Yet however tempting it is to think that history repeats itself, it is important to note the vast ideological differences. As some theorists pointed out, on a philosophical level the Second World War comprised the battle of three ideologies in order to determine which one best represents Modernity on a global scale. As a result, Communism (USSR) and Liberalism (U.S.) triumphed over Fascism. Subsequently, the Cold War served as the confrontation of the two remaining Modern ideologies, in which the collapse of the USSR (1991) signaled the victory of Liberalism. With Liberalism as the sole remaining representation of Modernity in the historical process—rendering the accepted 20th-century Left-Right paradigm obsolete—the period of Postmodernity commenced. Some analysts call this ideology “neo-Liberalism,” others—“post-Liberalism.” Both, however, describe the same historic trajectory, in which this set of ideas developed into its current form: the individual—with all his traditional ties removed—at the center of history, financial capital with its faceless transnational corporations as well as mindless consumerism and infotainment for the masses, the false belief in infinite economic progress (and expansion), and the secular religion of “human rights” as a tool of foreign policy that is often less than humanitarian, to name a few characteristics.

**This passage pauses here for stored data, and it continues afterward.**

Lemma ddpsi_ge_inv k X : 0 < k -> 1 <= X ->
  (forall x, X <= x -> k * x <= gap x) ->
  exists k', 0 < k' /\ forall x, X <= x -> k' / x <= ddpsi x.
Proof.
  intros hk hX Hgap.
  destruct (lipschitz_nonneg_linear_growth sigma hsig) as [S [hS HS]].
  exists (2 * k / S ^ 2). split; [apply Rdiv_lt_0_compat; [lra | nra] |].
  intros x hx.
  assert (hs := hsigpos x ltac:(lra)).
  assert (hsx : sigma x <= S * x) by (rewrite <- (Rabs_pos_eq (sigma x)) by lra; apply HS; lra).
  assert (Hw : 2 / (S * x) ^ 2 <= 2 / sigma x ^ 2).
  { apply Rmult_le_compat_l; [lra |]. apply Rinv_le_contravar; [nra |].
    apply pow_incr. lra. }
  replace (2 * k / S ^ 2 / x) with (k * x * (2 / (S * x) ^ 2)) by (field; lra).
  rewrite ddpsi_eq by lra.
  apply Rle_trans with (k * x * (2 / sigma x ^ 2)).
  - apply Rmult_le_compat_l; [nra | exact Hw].
  - apply Rmult_le_compat_r; [left; apply ode_weight_pos; lra | apply Hgap; lra].
Qed.

Lemma dpsi_unbounded x0 : kappa <= x0 -> (forall x, x0 <= x -> 0 <= ddpsi x) ->
  forall M, exists x, x0 <= x /\ M <= dpsi x.
Proof.
  intros hx0 Hconv M. apply NNPP. intros Hn.
  assert (HM : forall x, x0 <= x -> dpsi x <= M).
  { intros x hx. apply Rnot_lt_le. intros h. apply Hn. exists x. split; [exact hx | lra]. }
  destruct (gap_linear_lb x0 M hx0 Hconv HM) as [k [X [hk [hX [hXx0 Hgap]]]]].
  destruct (ddpsi_ge_inv k X hk hX Hgap) as [k' [hk' Hinv]].
  destruct (unbounded_of_deriv_ge_inv dpsi ddpsi X k' ltac:(lra) hk'
    ltac:(intros x hx; apply deriv_nonneg_is_derive; [exact Hdpsi | lra]) Hinv (M + 1))
    as [x [hx hMx]].
  specialize (HM x ltac:(lra)). lra.
Qed.

Lemma psi_superlinear x0 : kappa <= x0 -> (forall x, x0 <= x -> 0 <= ddpsi x) ->
  forall M, 0 < M -> exists X, forall x, X <= x -> M * x <= psi x.
Proof.
  intros hx0 Hconv M hM.
  destruct (dpsi_unbounded x0 hx0 Hconv (2 * M)) as [X [hX hMX]].
  exists (2 * X). intros x hx.
  assert (Htangent : psi X + dpsi X * (x - X) <= psi x).
  { apply (deriv_lb_le psi dpsi); [lra | |]; intros s hs.
    - apply deriv_nonneg_is_derive; [exact Hpsi | lra].
    - apply (dpsi_nondecreasing x0); [lra | exact Hconv | lra]. }
  assert (0 < psi X) by (apply psi_pos; lra).
  assert (2 * M * (x - X) <= dpsi X * (x - X)) by (apply Rmult_le_compat_r; lra).
  nra.
Qed.

End IncreasingSolution.

Theorem lemmaA1 (r : R) (mu sigma : R -> R) (kappa c : R)
  (psi dpsi ddpsi : R -> R)
  (hr : 0 < r)
  (hmu : lipschitz_nonneg mu)
  (hsig : lipschitz_nonneg sigma)
  (hsigpos : forall x, 0 <= x -> 0 < sigma x)
  (hkappa : 0 < kappa) (hc : 0 < c)
  (hdec : forall x y, kappa <= x -> x < y ->
            mu y - (r - c) * y < mu x - (r - c) * x)
  (hC2 : C2_nonneg psi dpsi ddpsi)
  (hode : forall x, 0 <= x ->
            (sigma x ^ 2 / 2) * ddpsi x + mu x * dpsi x = r * psi x)
  (hd0 : dpsi 0 = 1) (h0 : psi 0 = 0) :
  (forall x, 0 <= x -> 0 < dpsi x) /\
  (exists! b1 : R, kappa <= b1 /\
     (forall x, kappa < x < b1 -> ddpsi x < 0) /\
     (forall x, b1 < x -> 0 < ddpsi x)) /\
  is_lim_seq (fun n : nat => INR n / psi (INR n)) 0.
Proof.
  destruct hC2 as [Hpsi [Hdpsi Hddpsi]].
  assert (Hinfl : exists! b1 : R, kappa <= b1 /\
     (forall x, kappa < x < b1 -> ddpsi x < 0) /\ (forall x, b1 < x -> 0 < ddpsi x))
    by (apply (inflection_point r mu sigma psi dpsi ddpsi) with (c := c); assumption).
  split; [| split; [exact Hinfl |]].
  - apply (dpsi_pos r mu sigma psi dpsi ddpsi); assumption.
  - destruct Hinfl as [b1 [[hb1 [_ Hconvex]] _]].
    apply is_lim_seq_div_superlinear.
    apply (psi_superlinear r mu sigma psi dpsi ddpsi) with kappa c (b1 + 1); try assumption.
    + lra.
    + intros x hx. left. apply Hconvex. lra.
Qed.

Of course, the other 20th-century ideologies did not disappear completely. But it is post-Liberalism with its global hegemony that allows them to exist and serve its own purposes. And it is the purveyors of this ideology, the elites in the official West, that sanction the existence of the self-described fascists in Ukraine, much as they do the so-called “moderate” rebels in the Middle East. Thus, the elites’ mouthpiece, mass media, whitewashes the former as “nationalists,” the “far right,” or simply “controversial.” In contrast, those that challenge its dominance ideologically, even in the most modest manner, undergo reductio ad Hitlerum. This is the case with any political party, for instance, Front National, exhibiting a semblance of traditionalism (anti-globalism), as modest as asserting national sovereignty over supra-national bodies, like NATO.

In fact, post-Liberal ideology is one of the factors that blinds many Westerners to the realities of the liberation war in Donbass. The current Western model of citizenship is an abstract one: it centers around a set of principles in which individuals are interchangeable—as long as they adopt “European values” or the “American way of life”—instead of the more traditional notions of rootedness in the landscape, cultural and linguistic ties, and ancestral bonds. Thus, those who subscribe to this abstraction have difficulty understanding how belonging to the same people (narod) overrides living in two different states—contemporary Russia and Ukraine—haphazardly formed at the time of the Soviet collapse, and why they seem so attached to their language, culture, religion, history, and land that they are willing to die for them. But even for those Russians that lean toward more traditionalist thought, it took this war—the war that was meant to separate—to ideologically and spiritually unite them with others like them across the border, to begin questioning who they really are, uncertain, but hopeful, forging the idea of the Russian World. Beyond Left and Right, Beyond Red and White.